Inside the house, authorities discovered several assault rifles, including a Barrett 50 rifle and AK-47s, along with grenades, cartridges, and other weapons the criminals used to combat law enforcement. Mellado Cruz's death came amid an internal power struggle within the Gulf Cartel, as rival factions within the organization fight for the control of Reynosa and the rest of Tamaulipas with each other and Los Zetas, their former allies. Days prior to his death, gunfights in Reynosa had left a total of at least 23 dead, including two innocent bystanders, a couple of federal policemen, a soldier, and eighteen suspected criminals.

In order to confirm the drug lord's identity, the Mexican government carried out forensic anthropology studies, where they analyzed the corpse's pictures with the photos from Mellado Cruz's time in the military.

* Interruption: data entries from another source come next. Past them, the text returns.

Section law_of_large_numbers.
Context {d : measure_display} {T : measurableType d} {R : realType}.
Variable P : probability T R.
Context {n : nat} {A : set (n.-tuple T)}.
Hypothesis mA : measurable A.

Lemma prodP_hits_ge_near (q tau eps : R) :
  prodP P A = q%:E -> q < tau -> 0 < eps ->
  \forall k \near \oo, (prodP P (hits_ge A k tau) <= eps%:E)%E.
Proof.
move=> PA q_lt_tau eps_gt0.
have q_ge0 : 0 <= q by rewrite -lee_fin -PA prodP_ge0.
have q_le1 : q <= 1 by rewrite -lee_fin -PA prodP_le1.
have [L L_ge0 /andP[rho_ge0 rho_lt1]] := chernoff_rate _ _ q_ge0 q_lt_tau q_le1.
rewrite -(ger0_norm rho_ge0) in rho_lt1.
have /cvgr_lt/(_ _ eps_gt0) := cvg_expr rho_lt1.
apply: filterS => k rho_k.
apply: le_trans (prodP_hits_ge_le P mA L q tau k L_ge0 PA) _.
by rewrite lee_fin ltW.
Qed.

End law_of_large_numbers.

Lemma sup_eq_of_ubound {R : realType} (X : set R) (p : R) :
  X 0 -> (forall s, 0 <= s < p -> X s) -> ubound X p -> sup X = p.
Proof.
move=> X0 Xlt Xp; apply/eqP; rewrite eq_le ge_sup //=; last by exists 0.
have supX : has_sup X by split; [exists 0 | exists p].
rewrite leNgt; apply/negP => sup_lt_p.
have sup_ge0 : 0 <= sup X by exact: sup_upper_bound.
have : (sup X + p) / 2 <= sup X.
  by apply: sup_upper_bound => //; apply: Xlt; apply/andP; split; lra.
lra.
Qed.

Section Cmeasure.
Context {d : measure_display} {T : measurableType d} {R : realType}.
Context {P : probability T R} {delta : R}.
Hypothesis delta_lt1 : delta < 1.

Lemma Tbar_setC m (B : set (m.-tuple T)) : measurable B ->
  (prodP P (~` B) <= (1 - delta)%:E)%E -> Tbar P delta (n := m) B.
Proof.
move=> mB PBC; split => //; have := prodP_setC P _ _ mB.
have := prodP_fin_num P _ _ (measurableC mB).
move: PBC; case: (prodP P (~` B)) => // r; rewrite lee_fin => r_le _.
case: (prodP P B) => // q [q_eq]; rewrite lee_fin; lra.
Qed.

Context {C : forall n : nat, set (set (n.-tuple T))}.
Hypothesis CC : CClass C.
Hypothesis TC : forall m, (0 < m)%N -> @Tbar _ _ _ P delta m `<=` C m.
Context {n : nat} {A : set (n.-tuple T)}.
Hypotheses (n_gt0 : (0 < n)%N) (mA : measurable A).
(* Let $\mathcal{C}$ be an $(n,k,d)$ linear MDS code over a finite field $\mathbb{F}_q$, and let $d^\perp = n-d+2$. Then $$\rho(\mathcal{C}) \le \frac{\max\{d^\perp, d-1\}}{n}\binom{n}{d-2}.$$
   Context: An $(n,k,d)$ linear MDS code is a linear code over $\mathbb{F}_q$ of length $n$, dimension $k$ and minimum Hamming distance $d = n-k+1$; its dual is MDS with minimum distance $d^\perp = k+1 = n-d+2$. A parity-check matrix for $\mathcal{C}$ is any matrix (possibly with linearly dependent rows) whose rows span $\mathcal{C}^\perp$. For a parity-check matrix $H$, the stopping distance $s(H)$ is the largest integer such that for every set of $s(H)-1$ or fewer columns of $H$, the projection of $H$ onto those columns contains at least one row with exactly one nonzero entry. The stopping redundancy $\rho(\mathcal{C})$ is the smallest number of rows of a parity-check matrix $H$ for $\mathcal{C}$ with $s(H) = d$. *)

From HB Require Import structures.
From mathcomp Require Import all_boot all_order all_algebra.
Set Implicit Arguments. Unset Strict Implicit. Unset Printing Implicit Defensive.
Import GRing.Theory.
Local Open Scope ring_scope.

Section Codes.
Variables (F : finFieldType) (n : nat).

Definition wt (v : 'rV[F]_n) : nat := #|[set i : 'I_n | v 0 i != 0]|.

(* The linear code generated by (the rows of) C is { c | (c <= C)%MS }.
   d is its minimum Hamming distance (= minimum weight of a nonzero codeword). *)
Definition is_min_distance (m : nat) (C : 'M[F]_(m, n)) (d : nat) : Prop :=
  (exists c : 'rV[F]_n, [/\ (c <= C)%MS, c != 0 & wt c = d]) /\
  (forall c : 'rV[F]_n, (c <= C)%MS -> c != 0 -> (d <= wt c)%N).

Definition in_dual (m : nat) (C : 'M[F]_(m, n)) (v : 'rV[F]_n) : Prop :=
  forall c : 'rV[F]_n, (c <= C)%MS -> c *m v^T = 0.

(* H is a parity-check matrix of C: its rows span C^perp (rows may be dependent) *)
Definition parity_check (m r : nat) (C : 'M[F]_(m, n)) (H : 'M[F]_(r, n)) : Prop :=
  forall v : 'rV[F]_n, (v <= H)%MS <-> in_dual C v.

Definition has_single_row (r : nat) (H : 'M[F]_(r, n)) (S : {set 'I_n}) : Prop :=
  exists j : 'I_r, #|[set i in S | H j i != 0]| = 1%N.

Definition stop_cond (r : nat) (H : 'M[F]_(r, n)) (s : nat) : Prop :=
  forall S : {set 'I_n}, S != set0 -> (#|S| < s)%N -> has_single_row H S.

(* s(H) = s : s is the largest integer satisfying stop_cond (stop_cond is
   antitone in s, so this says exactly that s is the largest such integer) *)
Definition stopping_distance_is (r : nat) (H : 'M[F]_(r, n)) (s : nat) : Prop :=
  stop_cond H s /\ ~ stop_cond H s.+1.

End Codes.

From HB Require Import structures.
From mathcomp Require Import all_boot all_order all_algebra.
From mathcomp Require Import zify.
Set Implicit Arguments. Unset Strict Implicit. Unset Printing Implicit Defensive.
Import Order.TTheory GRing.Theory Num.Theory.
Local Open Scope ring_scope.

(* The dual of an MDS code of dimension k is again MDS: a nonzero dual codeword
   vanishes on at most n - k - 1 coordinates.  Hence for each set T of
   d - 2 = n - k - 1 coordinates there is a dual codeword whose zero set is
   exactly T.  Fix a coordinate o and take these codewords, for all T avoiding o,
   as the rows of H; there are 'C(n - 1, d - 2) = (n - d + 2) / n * 'C(n, d - 2)
   of them.  For a nonempty set S of at most d - 1 columns, pick i in S (i = o
   when o is in S) and enlarge S minus i to such a T avoiding i: the row of T
   meets S exactly in i.  The rows span the dual code, since subtracting suitable
   multiples of the rows of Z minus l, for l in a (d - 1)-set Z avoiding o, turns
   a dual codeword into one vanishing on Z, which is zero.  Finally no parity-check
   matrix stops beyond d: on the support of a minimum weight codeword no row of H
   can have a single nonzero entry, as the row is orthogonal to the codeword. *)

Lemma subset_extend (T : finType) (A U : {set T}) j :
  A \subset U -> (#|A| <= j <= #|U|)%N ->
  exists B : {set T}, [/\ A \subset B, B \subset U & #|B| = j].
Proof.
move=> sAU /andP[leAj lejU].
have : (0 < #|[set D : {set T} | D \subset U :\: A & #|D| == (j - #|A|)%N]|)%N.
  by rewrite cards_draws bin_gt0 cardsDS //; lia.
case/card_gt0P => D; rewrite inE => /andP[sDUA /eqP cardD].
have disjAD : [disjoint A & D].
  by rewrite disjoint_sym disjoints_subset (subset_trans sDUA) // subDset setUCr subsetT.
exists (A :|: D); split; first exact: subsetUl.
  by rewrite subUset sAU (subset_trans sDUA) ?subsetDl.
by rewrite cardsU (disjoint_setI0 disjAD) cards0 cardD; lia.
Qed.

Section LinearCodes.
Variables (F : finFieldType) (n m : nat) (C : 'M[F]_(m, n)).

Lemma wt_gt0 (v : 'rV[F]_n) : (0 < wt v)%N = (v != 0).
Proof.
apply/card_gt0P/idP => [[i]|]; first by rewrite inE; apply: contraNneq => ->; rewrite mxE.
by case/rV0Pn => i vi; exists i; rewrite inE.
Qed.

Lemma wt_le_card (v : 'rV[F]_n) (K : {set 'I_n}) :
  {in ~: K, forall i, v 0 i = 0} -> (wt v <= #|K|)%N.
Proof.
move=> vK; apply/subset_leq_card/subsetP => i; rewrite inE.
by apply: contraNT => iK; rewrite vK ?inE.
Qed.

Lemma in_dualE (v : 'rV[F]_n) : in_dual C v <-> (v <= kermx C^T)%MS.
Proof.
have kerE : (v <= kermx C^T)%MS = (C *m v^T == 0).
  by rewrite -trmx_eq0 trmx_mul trmxK; apply/sub_kermxP/eqP.
rewrite kerE; split=> [dv | /eqP Cv c /submxP[x ->]]; last by rewrite -mulmxA Cv mulmx0.
by apply/eqP/row_matrixP => i; rewrite row_mul row0 dv ?row_sub.
Qed.

Lemma stop_cond_leq_wt r (H : 'M[F]_(r, n)) s (c : 'rV[F]_n) :
  (H <= kermx C^T)%MS -> stop_cond H s -> (c <= C)%MS -> c != 0 -> (s <= wt c)%N.
Proof.
move=> HD stopH cC c0; rewrite leqNgt; apply/negP => wt_lt.
set S := [set i | c 0 i != 0].
have [|j /eqP/cards1P[i Si]] := stopH S _ wt_lt; first by rewrite -card_gt0 wt_gt0.
have /in_dualE/(_ c cC)/matrixP/(_ 0 0) := submx_trans (row_sub j H) HD.
have iS : i \in [set x in S | H j x != 0] by rewrite Si set11.
rewrite !mxE (bigD1 i) //= big1 => [|l li]; rewrite !mxE.
  rewrite addr0 => /eqP; rewrite mulf_eq0.
  by move: iS; rewrite !inE => /andP[/negbTE -> /negbTE ->].
have : l \notin [set x in S | H j x != 0] by rewrite Si inE.
by rewrite !inE negb_and !negbK -mulf_eq0 => /eqP.
Qed.

Lemma parity_check_full_rank : \rank C = n -> parity_check C (0 : 'M[F]_(0, n)).
Proof.
move=> rankC v; split=> [/submx0null -> | /in_dualE vD].
  by move=> c _; rewrite trmx0 mulmx0.
have kerC0 : kermx C^T = 0 by apply/eqP; rewrite -mxrank_eq0 mxrank_ker mxrank_tr rankC subnn.
by move: vD; rewrite kerC0 => /submx0null ->; exact: sub0mx.
Qed.

Definition restrmx (K : {set 'I_n}) : 'M[F]_(n, #|K|) := colsub enum_val 1%:M.

Lemma restrmxE (K : {set 'I_n}) (c : 'rV[F]_n) j : (c *m restrmx K) 0 j = c 0 (enum_val j).
Proof. by rewrite mulmx_colsub mulmx1 mxE. Qed.

Lemma sub_kermx_restrmx (K : {set 'I_n}) (c : 'rV[F]_n) :
  (c <= kermx (restrmx K))%MS = [forall i in K, c 0 i == 0].
Proof.
apply/sub_kermxP/forall_inP => [cK i iK | cK].
  by rewrite -(enum_rankK_in iK iK) -restrmxE cK mxE.
by apply/rowP => j; rewrite restrmxE mxE; apply/eqP/cK/enum_valP.
Qed.

Definition vanishing_dual_word (T : {set 'I_n}) (v : 'rV[F]_n) : bool :=
  [&& (v <= kermx C^T)%MS, v != 0 & [forall i in T, v 0 i == 0]].

Lemma vanishing_dual_word_exists (T : {set 'I_n}) :
  (#|T| < n - \rank C)%N -> exists v, vanishing_dual_word T v.
Proof.
move=> cardT; set D := kermx C^T; set P := kermx (restrmx T).
have rankD : \rank D = (n - \rank C)%N by rewrite mxrank_ker mxrank_tr.
have rankP : (n - #|T| <= \rank P)%N by rewrite mxrank_ker leq_sub2l ?rank_leq_col.
have /rowV0Pn[v] : (D :&: P)%MS != 0.
  by rewrite -mxrank_eq0; have := mxrank_sum_cap D P; have := rank_leq_col (D + P)%MS; lia.
rewrite sub_capmx => /andP[vD vP] v0.
by exists v; rewrite /vanishing_dual_word vD v0 -sub_kermx_restrmx.
Qed.

(* The junk value 0 is only taken when #|T| >= n - \rank C. *)
Definition dual_word (T : {set 'I_n}) : 'rV[F]_n :=
  odflt 0 [pick v | vanishing_dual_word T v].

Lemma dual_word_sub (T : {set 'I_n}) : (dual_word T <= kermx C^T)%MS.
Proof. by rewrite /dual_word; case: pickP => [v /and3P[]|_] //=; rewrite sub0mx. Qed.

Section MDS.
Hypothesis C_mds : forall c : 'rV[F]_n, (c <= C)%MS -> c != 0 -> (n - \rank C < wt c)%N.

Lemma mds_information_set (K : {set 'I_n}) : #|K| = \rank C ->
  forall u : 'rV[F]_#|K|,
  exists2 c : 'rV[F]_n, (c <= C)%MS & forall j, c 0 (enum_val j) = u 0 j.
Proof.
move=> cardK u; set P := restrmx K.
have cardKc : #|~: K| = (n - \rank C)%N by have := cardsC K; rewrite card_ord cardK; lia.
have kerP0 : \rank (C :&: kermx P)%MS = 0%N.
  apply/eqP; rewrite mxrank_eq0; apply/rowV0P => v.
  rewrite sub_capmx sub_kermx_restrmx => /andP[vC /forall_inP vK].
  apply/eqP/negPn/negP => /(C_mds vC); rewrite -cardKc ltnNge wt_le_card // => i.
  by rewrite setCK => /vK/eqP.
have /submxP[x ux] : (u <= C *m P)%MS.
  apply/submx_full; have := mxrank_mul_ker C P.
  by rewrite kerP0 addn0 /row_full => ->; rewrite cardK.
by exists (x *m C) => [|j]; rewrite ?submxMl // -restrmxE -mulmxA -ux.
Qed.

Lemma mds_dual_vanishing_eq0 (v : 'rV[F]_n) (K : {set 'I_n}) :
  (v <= kermx C^T)%MS -> (n - \rank C <= #|K|)%N -> {in K, forall i, v 0 i = 0} ->
  v = 0.
Proof.
move=> vD cardK vK; apply/eqP/negPn/negP => /rV0Pn[i vi].
have iKc : i \in ~: K by rewrite inE; apply: contraNN vi => /vK ->.
have cardKc : (#|~: K| <= \rank C <= #|[set: 'I_n]|)%N.
  by rewrite cardsT card_ord rank_leq_col andbT; have := cardsC K; rewrite card_ord; lia.
have [L [sKcL _ cardL]] := subset_extend (subsetT (~: K)) cardKc.
have iL : i \in L by apply: (subsetP sKcL).
have [c cC cL] := mds_information_set cardL (\row_j (enum_val j == i)%:R).
have cLE : {in L, forall l, c 0 l = (l == i)%:R}.
  by move=> l lL; rewrite -(enum_rankK_in lL lL) cL mxE enum_rankK_in.
have cvE l : c 0 l * v 0 l = (l == i)%:R * v 0 l.
  case: (boolP (l \in L)) => lL; first by rewrite cLE.
  by rewrite vK ?mulr0 //; apply: contraR lL => lK; apply: (subsetP sKcL); rewrite inE.
move/in_dualE/(_ c cC)/matrixP/(_ 0 0): vD; rewrite !mxE.
under eq_bigr => l _ do rewrite mxE cvE.
rewrite (bigD1 i) //= eqxx mul1r big1 => [|l /negbTE ->]; last by rewrite mul0r.
by rewrite addr0; apply/eqP.
Qed.

Lemma dual_word_eq0 (T : {set 'I_n}) i :
  #|T|.+1 = (n - \rank C)%N -> (dual_word T 0 i == 0) = (i \in T).
Proof.
move=> cardT; have : vanishing_dual_word T (dual_word T).
  rewrite /dual_word; case: pickP => //= none.
  by have [|v] := @vanishing_dual_word_exists T; rewrite ?none // -cardT.
case/and3P=> _ wT0 /forall_inP wT; apply/idP/idP => [wTi|]; last exact: wT.
apply: contraLR wT0; rewrite negbK => iT; apply/eqP.
apply: (mds_dual_vanishing_eq0 (K := i |: T)); first exact: dual_word_sub.
  by rewrite cardsU1 iT -cardT.
by move=> j /setU1P[-> | /wT/eqP]; first exact/eqP.
Qed.

Section StoppingMatrix.
Variable o : 'I_n.
Hypothesis rank_gt0 : (0 < \rank C)%N.
Hypothesis rank_lt : (\rank C < n)%N.

Let s := (n - \rank C).-1.

Definition zero_sets := [set T : {set 'I_n} | T \subset [set~ o] & #|T| == s].

Definition stop_mx : 'M[F]_(#|zero_sets|, n) := \matrix_(j, x) dual_word (enum_val j) 0 x.

Lemma row_stop_mx j : row j stop_mx = dual_word (enum_val j).
Proof. by apply/rowP => x; rewrite !mxE. Qed.

Lemma card_zero_sets : #|zero_sets| = 'C(n.-1, s).
Proof. by rewrite cards_draws cardsC1 card_ord. Qed.

Lemma zero_sets_card T : T \in zero_sets -> #|T|.+1 = (n - \rank C)%N.
Proof. by rewrite inE => /andP[_ /eqP->]; rewrite /s; lia. Qed.

Lemma dual_word_sub_stop_mx T : T \in zero_sets -> (dual_word T <= stop_mx)%MS.
Proof.
by move=> TZ; rewrite -(enum_rankK_in TZ TZ) -row_stop_mx row_sub.
Qed.

Lemma stop_mx_dual : (stop_mx <= kermx C^T)%MS.
Proof. by apply/row_subP => j; rewrite row_stop_mx dual_word_sub. Qed.

Lemma stop_mx_parity_check : parity_check C stop_mx.
Proof.
move=> v; split=> [vH | /in_dualE vD]; first exact/in_dualE/(submx_trans vH stop_mx_dual).
have [|Z [_ sZo cardZ]] := @subset_extend _ set0 [set~ o] s.+1 (sub0set _).
  by rewrite cards0 cardsC1 card_ord /s; lia.
have ZlE l : l \in Z -> Z :\ l \in zero_sets.
  move=> lZ; rewrite inE (subset_trans (subD1set _ _) sZo) /=.
  by have := cardsD1 l Z; rewrite lZ cardZ add1n => -[->].
pose w := \sum_(l in Z) (v 0 l / dual_word (Z :\ l) 0 l) *: dual_word (Z :\ l).
have wH : (w <= stop_mx)%MS.
  by apply: summx_sub => l lZ; apply/scalemx_sub/dual_word_sub_stop_mx/ZlE.
suff -> : v = w by [].
apply/eqP; rewrite -subr_eq0; apply/eqP/(mds_dual_vanishing_eq0 (K := Z)).
- by rewrite addmx_sub ?eqmx_opp // (submx_trans wH stop_mx_dual).
- by rewrite cardZ /s; lia.
move=> i iZ; rewrite !mxE summxE (bigD1 i) //= big1 => [|l /andP[lZ li]].
  rewrite mxE divfK ?addr0 ?subrr //.
  by rewrite dual_word_eq0 ?zero_sets_card ?ZlE // setD11.
apply/eqP; rewrite mxE mulf_eq0 dual_word_eq0 ?zero_sets_card ?ZlE //.
by rewrite !inE iZ andbT (eq_sym i) li orbT.
Qed.

Lemma stop_cond_stop_mx : stop_cond stop_mx s.+2.
Proof.
move=> S S0 cardS.
have [i iS io] : exists2 i, i \in S & o \in S -> i = o.
  have [oS | oNS] := boolP (o \in S); first by exists o.
  by have /set0Pn[i iS] := S0; exists i => // /(negP oNS).
have sSU : S :\ i \subset [set~ o] :\ i.
  apply/subsetP => x; rewrite !inE => /andP[xi xS]; rewrite xi.
  by apply: contra_neq xi => xo; rewrite io -xo.
have cardSU : (#|S :\ i| <= s <= #|[set~ o] :\ i|)%N.
  move: cardS; have := cardsD1 i [set~ o]; have := cardsD1 i S.
  rewrite cardsC1 card_ord iS !inE /s; case: (i =P o) => _ /=;
  (* lia only identifies the cardinals once they are generalized *)
  by move: #|S| #|S :\ i| #|[set~ o] :\ i|; lia.
have [T [sST sTo cardT]] := subset_extend sSU cardSU.
have TZ : T \in zero_sets by rewrite inE cardT eqxx (subset_trans sTo (subD1set _ _)).
exists (enum_rank_in TZ T); apply/eqP/cards1P; exists i; apply/setP => x.
rewrite !inE mxE enum_rankK_in // dual_word_eq0 ?zero_sets_card //.
have [-> | xi] := eqVneq x i.
  by rewrite iS; apply/negP => /(subsetP sTo); rewrite !inE eqxx.
by case xS : (x \in S); rewrite //= (subsetP sST) // !inE xi xS.
Qed.

End StoppingMatrix.

End MDS.
End LinearCodes.

Lemma natr_bin_pred (R : numFieldType) (n j : nat) : (0 < n)%N ->
  'C(n.-1, j)%:R = (n - j)%:R / n%:R * 'C(n, j)%:R :> R.
Proof.
move=> n_gt0; rewrite mulrAC -natrM -mul_bin_down natrM mulrAC divff ?mul1r //.
by rewrite pnatr_eq0 -lt0n.
Qed.

Theorem corollary20 (F : finFieldType) (n k d m : nat) (C : 'M[F]_(m, n)) :
  \rank C = k ->
  is_min_distance C d ->
  d = (n - k + 1)%N ->
  exists (r : nat) (H : 'M[F]_(r, n)),
    [/\ parity_check C H, stopping_distance_is H d &
        (r%:R <= (maxn (n - d + 2) (d - 1))%:R / n%:R
                 * (if (2 <= d)%N then 'C(n, d - 2) else 0%N)%:R :> rat)].
Proof.
move=> rankC [[c [cC c0 wtc]] dmin] ed.
have C_mds c' : (c' <= C)%MS -> c' != 0 -> (n - \rank C < wt c')%N.
  by move=> cC' c0'; rewrite rankC -addn1 -ed dmin.
have rank_gt0 : (0 < \rank C)%N.
  rewrite lt0n mxrank_eq0; apply: contraNneq _ c0 => C0.
  by move: cC; rewrite C0 => /submx0null ->.
have not_stop_cond_dS r (H : 'M[F]_(r, n)) : (H <= kermx C^T)%MS -> ~ stop_cond H d.+1.
  by move=> HD /(stop_cond_leq_wt HD)/(_ cC c0); rewrite wtc ltnn.
have [rank_lt | rank_ge] := ltnP (\rank C) n.
  have o : 'I_n := Ordinal (leq_ltn_trans (leq0n _) rank_lt).
  have d_eq : d = (n - \rank C).-1.+2 by lia.
  exists _, (stop_mx C o); split.
  - exact: stop_mx_parity_check.
  - split; last exact/not_stop_cond_dS/stop_mx_dual.
    by rewrite d_eq; exact: stop_cond_stop_mx.
  have -> : (2 <= d)%N by lia.
  have -> : (d - 2)%N = (n - \rank C).-1 by lia.
  rewrite card_zero_sets natr_bin_pred ?(leq_ltn_trans _ rank_lt) //.
  apply/ler_wpM2r/ler_wpM2r; rewrite ?invr_ge0 ?ler0n // ler_nat; lia.
exists 0%N, 0; split.
- by apply: parity_check_full_rank; apply/eqP; rewrite eqn_leq rank_leq_col.
- by split; [move=> S; rewrite -card_gt0; lia | exact/not_stop_cond_dS/sub0mx].
have -> : (2 <= d)%N = false by lia.
by rewrite mulr0.
Qed.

They also compared the corpse's fingerprints and DNA samples with the ones they had on file in the Mexican Armed Forces database. The following day, authorities apprehended Ricardo Flores López (also known as Pedro Luis Hernández Campos), the alleged second-in-command behind Mellado Cruz and the cartel's chief in Miguel Alemán, Tamaulipas.